Ontological Argument - Classification

Classification

The traditional definition of an ontological argument was given by Immanuel Kant. He contrasted the ontological argument (literally any argument "concerned with being") with the cosmological and physio-theoretical arguments. According to the Kantian view, ontological arguments are those which are founded on a priori reasoning.

Graham Oppy, who elsewhere expressed the view that he "see no urgent reason" to depart from the traditional definition, defined ontological arguments as those that begin with "nothing but analytic, a priori and necessary premises" and conclude that God exists. Oppy admitted, however, that not all of the "traditional characteristics" of an ontological argument (analyticity, necessity, and a priority) are found in all ontological arguments and, in his 2007 work Ontological Arguments and Belief in God, suggested that a better definition of an ontological argument would employ only considerations "entirely internal to the theistic worldview".

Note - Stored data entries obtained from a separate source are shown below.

Lemma Ck_E_step a b : a < m -> b < m -> Ck_E k a.+1 b.+1 = ck_step a b.
Proof.
move=> a_lt b_lt; rewrite /Ck_E odd_k; case: eqP => [e1 | e0] /=.
  have -> : (k - 1) %/ 2 = p by lia.
  have -> : (k + 1) %/ 2 = p + 1 by lia.
  by rewrite powE_eq /ck_step; lia.
have -> : k %/ 2 = p by lia.
by rewrite powE_eq /ck_step; lia.
Qed.

Lemma Ck_adj_step a b : a < m -> b < m -> Ck_adj k a.+1 b.+1 = ck_step a b || ck_step b a.
Proof. by move=> a_lt b_lt; rewrite /Ck_adj !Ck_E_step. Qed.

Lemma Ck_adj_near s d d' : s < m -> d <= k -> d' <= k ->
  [/\ d != d', d <= d' + 2 & d' <= d + 2] ->
  Ck_adj k (ck_vertex (s + d)).+1 (ck_vertex (s + d')).+1.
Proof.
move=> s_lt d_le d'_le /and3P dd' /=.
have [[? ->]|[? ->]] := @modn_lt_double (s + d) m ltac:(lia);
have [[? ->]|[? ->]] := @modn_lt_double (s + d') m ltac:(lia);
by rewrite Ck_adj_step /ck_step; lia.
Qed.

Definition window_cycle s (t : 'I_k.+1) : 'I_m := ck_vertex (s + zigzag k t).

Lemma window_cycle_inj s : s < m -> injective (window_cycle s).
Proof.
move=> s_lt t t' /(congr1 val) /=.
have t_le := ltnSE (ltn_ord t); have t'_le := ltnSE (ltn_ord t').
have z_le := zigzag_le t_le; have z'_le := zigzag_le t'_le.
have [[? ->]|[? ->]] := @modn_lt_double (s + zigzag k t) m ltac:(lia);
have [[? ->]|[? ->]] := @modn_lt_double (s + zigzag k t') m ltac:(lia);
by move=> zz; apply: val_inj; apply: (zigzag_inj t_le t'_le); lia.
Qed.

Lemma window_cycle_adj s t : s < m ->
  Ck_adj k (window_cycle s t).+1 (window_cycle s (ordS t)).+1.
Proof.
move=> s_lt; have t_le := ltnSE (ltn_ord t); have t'_le := ltnSE (ltn_ord (ordS t)).
rewrite /window_cycle; apply: (Ck_adj_near s_lt (zigzag_le t_le) (zigzag_le t'_le)).
by apply: zigzag_ordS; lia.
Qed.

(* The non-neighbours of [x] form the window of [k + 1] consecutive vertices
   just past the power-edge neighbourhood of [x], shifted by one more when [x]
   is the lower end of a chord. *)
Lemma closed_nbhd_window x : x < m -> exists2 s, s < m &
  forall d, d <= k -> (s + d) %% m != x /\ ~~ Ck_adj k x.+1 ((s + d) %% m).+1.
Proof.
move=> x_lt.
have [s0 s0_def] : exists s0,
  s0 = x + p + 1 + ((e == 1) && ((x <= p) || (2 * p + 2 <= x <= 3 * p + 2))) by eexists.
have [s s_lt s_eq] : exists2 s, s < m & s = s0 \/ s + m = s0.
  exists (s0 %% m); first exact: ltn_pmod _ m_gt0.
  by have [[_ ->]|[? ->]] := @modn_lt_double s0 m ltac:(lia); lia.
exists s => // d d_le.
have [[? ->]|[? ->]] := @modn_lt_double (s + d) m ltac:(lia);
  (split; first by apply/eqP; lia);
  by rewrite Ck_adj_step /ck_step; lia.
Qed.

Lemma Ck_cycle_outside_closed_nbhd x : x < m -> exists f : 'I_k.+1 -> 'I_m,
  [/\ injective f, forall t, f t != x :> nat, forall t, ~~ Ck_adj k x.+1 (f t).+1
    & forall t, Ck_adj k (f t).+1 (f (ordS t)).+1].
Proof.
move=> x_lt; have [s s_lt window] := closed_nbhd_window x_lt.
exists (window_cycle s); split=> [||t|t]; first exact: window_cycle_inj.
- by move=> t; apply: (proj1 (window _ _)); apply: zigzag_le; rewrite -ltnS.
- by apply: (proj2 (window _ _)); apply: zigzag_le; rewrite -ltnS.
- exact: window_cycle_adj.
Qed.

Lemma Ck_arc_closed_nbhd0 j : j < m -> j <= p + e \/ m - p <= j -> j = 0 \/ Ck_adj k 1 j.+1.
Proof.
move=> j_lt j_range; have [->|j_gt0] := posnP j; [by left | right].
by rewrite (@Ck_adj_step 0) /ck_step; lia.
Qed.

Lemma Ck_outside_closed_nbhd_antipode j : j < m -> j != k + 1 ->
  ~~ Ck_adj k (k + 1).+1 j.+1 -> j <= p + e \/ m - p <= j.
Proof. by move=> j_lt; rewrite Ck_adj_step /ck_step; lia. Qed.

End CkAdjacency.

Section Bgraph.
Variables p e n : nat.
Hypotheses (e_le1 : e <= 1) (p_ge2 : 2 <= p) (n_ge : 2 * (2 * p + e) + 3 <= n).
Local Notation k := (2 * p + e).
Local Notation m := (2 * (2 * p + e) + 2).
Local Notation q := (qB (2 * p + e) n).
Local Notation r := (rB (2 * p + e) n).
Local Notation V := (BV (2 * p + e) n).
Local Notation adj := (@Bp_adj (2 * p + e) n).
Local Notation N := (closed_nbhd adj).
Local Notation vx := (ck_vertex p e).

Lemma q_gt0 : 0 < q.
Proof. by rewrite /qB divn_gt0 //; lia. Qed.

Lemma adj_rr i j i' j' : adj (inr (i, j)) (inr (i', j')) = (i == i') && Ck_adj k j.+1 j'.+1.
Proof.
by rewrite /Bp_adj /= eq_sym [Ck_adj k j'.+1 _]orbC orbb.
Qed.

Lemma adj_lr (a : 'I_(q + r)) i j : adj (inl a) (inr (i, j)) = (a == i :> nat) && (j == 0 :> nat).
Proof. by rewrite /Bp_adj /= orbF. Qed.

Lemma adj_rl (a : 'I_(q + r)) i j : adj (inr (i, j)) (inl a) = (a == i :> nat) && (j == 0 :> nat).
Proof. by []. Qed.

Lemma adj_ll (a b : 'I_(q + r)) : adj (inl a) (inl b) =
  [|| (b == a.+1 :> nat) && (a.+1 < q + minn 1 r), (a == b.+1 :> nat) && (b.+1 < q + minn 1 r)
    | [&& 2 <= r, a != b :> nat, q <= a & q <= b]].
Proof. by rewrite /Bp_adj /=; lia. Qed.

Lemma copy_cycle_outside (S : {set V}) (i : 'I_q) (f : 'I_k.+1 -> 'I_m) :
  injective f -> (forall t, inr (i, f t) \notin S) ->
  (forall t, Ck_adj k (f t).+1 (f (ordS t)).+1) -> has_cycle_outside adj k.+1 S.
Proof.
move=> f_inj fS fadj; apply/has_cycle_outsideP.
exists (fun t => inr (i, f t)); split=> //; first lia.
- by move=> t t' [] /f_inj.
- by move=> t; rewrite adj_rr eqxx fadj.
Qed.

(* Each [u_i] forms one block with its copy [G_i] (blocks numbered from 0);
   the vertices of [R] form block [q]. *)
Definition block (x : V) : nat :=
  match x with inl a => minn a q | inr (i, _) => i end.

Lemma block_le x : block x <= q.
Proof. by case: x => [a | [i j]] /=; [exact: geq_minr | exact: ltnW]. Qed.

Lemma card_blocks (D : {set V}) : #|D| = \sum_(b < q.+1) #|[set x in D | block x == b]|.
Proof.
rewrite -sum1_card (partition_big (fun x => (inord (block x) : 'I_q.+1)) xpredT) //=.
apply: eq_bigr => b _; rewrite sum1dep_card; apply: eq_card => x; rewrite !inE.
by case: (x \in D) => //=; rewrite -val_eqE /= inordK // ltnS block_le.
Qed.

Lemma copy_closed_nbhd_single (D : {set V}) (i : 'I_q) :
  #|[set x in D | block x == i]| <= 1 ->
  exists x0 : 'I_m, forall j, inr (i, j) \in N D -> j = x0 \/ Ck_adj k x0.+1 j.+1.
Proof.
move/card_le1_eqP => single.
have in_block x : x \in D -> block x == i -> x \in [set x in D | block x == i].
  by move=> xD xi; rewrite inE xD xi.
pose x0 := if [pick j | inr (i, j) \in D] is Some j then j else vx 0.
exists x0 => j; rewrite inE => /orP[jD | /existsP[[a | [i' j']] /andP[dD dj]]].
- left; rewrite /x0; case: pickP => [j' j'D | noD]; last by have := noD j; rewrite jD.
  by case: (single _ _ (in_block _ j'D (eqxx _)) (in_block _ jD (eqxx _))).
- move: dj; rewrite adj_lr => /andP[/eqP ai /eqP j0]; left; rewrite /x0.
  case: pickP => [j' j'D | _]; last by apply: val_inj; rewrite /= j0 mod0n.
  have ab : block (inl a) == i by rewrite /= ai; apply/eqP/minn_idPl/ltnW.
  by have := single _ _ (in_block _ j'D (eqxx _)) (in_block _ dD ab).
- move: dj; rewrite adj_rr => /andP[/eqP ii' jadj]; subst i'; right; rewrite /x0.
  case: pickP => [j'' j''D | noD]; last by have := noD j'; rewrite dD.
  by case: (single _ _ (in_block _ j''D (eqxx _)) (in_block _ dD (eqxx _))) => <-.
Qed.

Lemma block_card_ge2 (D : {set V}) (i : 'I_q) : isolating adj k.+1 D ->
  2 <= #|[set x in D | block x == i]|.
Proof.
move=> isoD; rewrite leqNgt ltnS; apply/negP => /copy_closed_nbhd_single[x0 x0_dom].
have [f [f_inj f_x0 f_adj f_cyc]] := Ck_cycle_outside_closed_nbhd e_le1 p_ge2 (ltn_ord x0).
move/negP: isoD; apply; apply: (copy_cycle_outside f_inj _ f_cyc) => t.
apply/negP => /x0_dom[ftx0 | x0ft]; first by move: (f_x0 t); rewrite ftx0 eqxx.
by move: (f_adj t); rewrite x0ft.
Qed.

Fact qr_gt0 : 0 < q + r.
Proof. by rewrite ltn_addr // q_gt0. Qed.

Definition u_at z : 'I_(q + r) := insubd (Ordinal qr_gt0) z.

Lemma u_atK z : z < q + r -> nat_of_ord (u_at z) = z.
Proof. by move=> z_lt; rewrite /u_at -[nat_of_ord _]/(val _) val_insubd z_lt. Qed.

Lemma block_card_ge1 (D : {set V}) : isolating adj k.+1 D -> k + 2 <= r ->
  1 <= #|[set x in D | block x == q]|.
Proof.
move=> isoD r_ge; rewrite lt0n; apply/negP => /eqP/cards0_eq tail_free.
have D_block x : x \in D -> block x < q.
  move=> xD; rewrite ltn_neqAle block_le andbT; apply/negP => xq.
  by have := in_set0 x; rewrite -tail_free inE xD xq.
have u_atK' (t : 'I_k.+1) : nat_of_ord (u_at (q + 1 + t)) = q + 1 + t.
  by apply: u_atK; have := ltn_ord t; lia.
move/negP: isoD; apply; apply/has_cycle_outsideP.
exists (fun t : 'I_k.+1 => inl (u_at (q + 1 + t))); split.
- lia.
- by move=> t t' [] /(congr1 val) /=; rewrite !u_atK' => /addnI /val_inj.
- move=> t; rewrite inE negb_or; apply/andP; split.
    by apply/negP => /D_block /=; rewrite u_atK'; lia.
  apply/existsP => -[[a | [i j]] /andP[/D_block /= d_lt]].
    by rewrite adj_ll u_atK'; lia.
  by rewrite adj_rl u_atK'; lia.
- by move=> t; rewrite adj_ll !u_atK' ordS_val; case: ifP; lia.
Qed.

Lemma isolating_card_ge (D : {set V}) : isolating adj k.+1 D -> 2 * q + (k + 2 <= r) <= #|D|.
Proof.
move=> isoD; rewrite card_blocks big_ord_recr /=.
apply: leq_add.
  have -> : 2 * q = \sum_(b < q) 2 by rewrite big_const_ord iter_addn_0 mulnC.
  by apply: leq_sum => b _; exact: block_card_ge2.
by case: (leqP (k + 2) r) => // r_ge; exact: block_card_ge1.
Qed.

Lemma vx0 : nat_of_ord (vx 0) = 0.
Proof. exact: mod0n. Qed.

Lemma vxK1 : nat_of_ord (vx (k + 1)) = k + 1.
Proof. by rewrite /= modn_small //; lia. Qed.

Oppy subclassified ontological arguments into definitional, conceptual (or hyperintensional), modal, Meinongian, experiential, mereological, higher-order, or Hegelian categories, based on the qualities of their premises. He defined these qualities as follows: definitional arguments invoke definitions; conceptual arguments invoke "the possession of certain kinds of ideas or concepts"; modal arguments consider possibilities; Meinongian arguments assert "a distinction between different categories of existence"; experiential arguments employ the idea that God exists solely to those who have had experience of him; and Hegelian arguments are from Hegel. He later categorized mereological as arguments that "draw on… the theory of the whole-part relation".

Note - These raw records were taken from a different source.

Lemma bH_Kmulti_ge (K : fieldType) i1 p n :
  1 <= i1 <= 2 -> p.+1 * (2 * p.+1 ^ p) <= n ->
  n ^ p.+1 <= (2 * p.+1) ^ p.+1 * (2 * bH K (Kmulti i1 p.+2) n).
Proof.
move=> i1_12 n_large; set P := p.+1; set t := n %/ P.
have t_large : 2 * P ^ p <= t by have := leq_div2r P n_large; rewrite mulKn.
have Pt_le_n : P * t <= n by rewrite mulnC leq_divM.
have n_le : n <= 2 * P * t.
  have t_gt0 : 0 < t by apply: leq_trans t_large; rewrite muln_gt0 expn_gt0.
  have := ltn_ceil n (ltn0Sn p); rewrite -/t -/P mulSn => /ltnW.
  by move/leq_trans; apply; rewrite -mulnA mulnC mul2n -addnn leq_add2r leq_pmulr.
apply: leq_trans (leq_wexp2r P n_le) _; rewrite expnMn leq_mul2l; apply/orP; right.
apply: leq_trans (total_betti_turan_half K t_large) _; rewrite leq_mul2l.
exact: total_betti_le_bH Pt_le_n (turan_simple _ _) (turan_Kmulti_free _ _ i1_12).
Qed.

Lemma bH_Kmulti1_gt0 (K : fieldType) i1 n :
  1 <= i1 -> 0 < bH K (Kmulti i1 1) n.
Proof.
move=> i1_gt0; apply: leq_trans (total_betti_graph0_gt0 K) (total_betti_le_bH K _ _ _).
- exact: leq0n.
- by apply/andP; split; apply/forallP => -[].
apply/existsP => -[f _]; have x : 'I_(i1 + 0) by rewrite addn0; exists i1.-1; rewrite prednK.
by case: (f x).
Qed.

Lemma bH_Kmulti_lower_bound (K : fieldType) i1 m :
  1 <= i1 <= 2 -> 1 <= m ->
  exists c N, (0 < c) /\
    forall n, N <= n -> n ^ (m - 1) <= c * bH K (Kmulti i1 m) n.
Proof.
move=> i1_12 m_gt0; case: m m_gt0 => [//|[|p]] _.
  exists 1, 0; split=> // n _; rewrite expn0 mul1n.
  by apply: bH_Kmulti1_gt0; case/andP: i1_12.
exists (2 * (2 * p.+1) ^ p.+1), (p.+1 * (2 * p.+1 ^ p)).
split; first by rewrite muln_gt0 expn_gt0.
by move=> n n_large; rewrite subn1 -mulnA mulnCA; apply: bH_Kmulti_ge.
Qed.

Theorem theorem1p5 (K : fieldType) (i1 m : nat) :
  (1 <= i1 <= 2)%N -> (1 <= m)%N ->
  exists (c N : nat), (0 < c)%N /\
    forall n : nat, (N <= n)%N ->
      (n ^ (m - 1) <= c * bH K (Kmulti i1 m) n)%N /\
      (bH K (Kmulti i1 m) n <= c * n ^ (m - 1))%N.
Proof.
move=> i1_12 m_gt0.
have [c [N [c_gt0 lower]]] := bH_Kmulti_lower_bound K i1_12 m_gt0.
exists (c * m), (maxn N 1); split=> [|n]; first by rewrite muln_gt0 c_gt0.
rewrite geq_max => /andP [Nn n_gt0]; split.
  by apply: leq_trans (lower n Nn) _; rewrite mulnAC leq_pmulr.
apply: leq_trans (bH_Kmulti_le K i1_12 m_gt0 n_gt0) _.
by rewrite leq_mul2r leq_pmull ?orbT.
Qed.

William Lane Craig criticised Oppy's study as too vague for useful classification. Craig argued that an argument can be classified as ontological if it attempts to deduce the existence of God, along with other necessary truths, from his definition. He suggested that proponents of ontological arguments would claim that, if one fully understood the concept of God, one must accept his existence. William L. Rowe defined ontological arguments as those that start from the definition of God and, using only a priori principles, conclude with God's existence.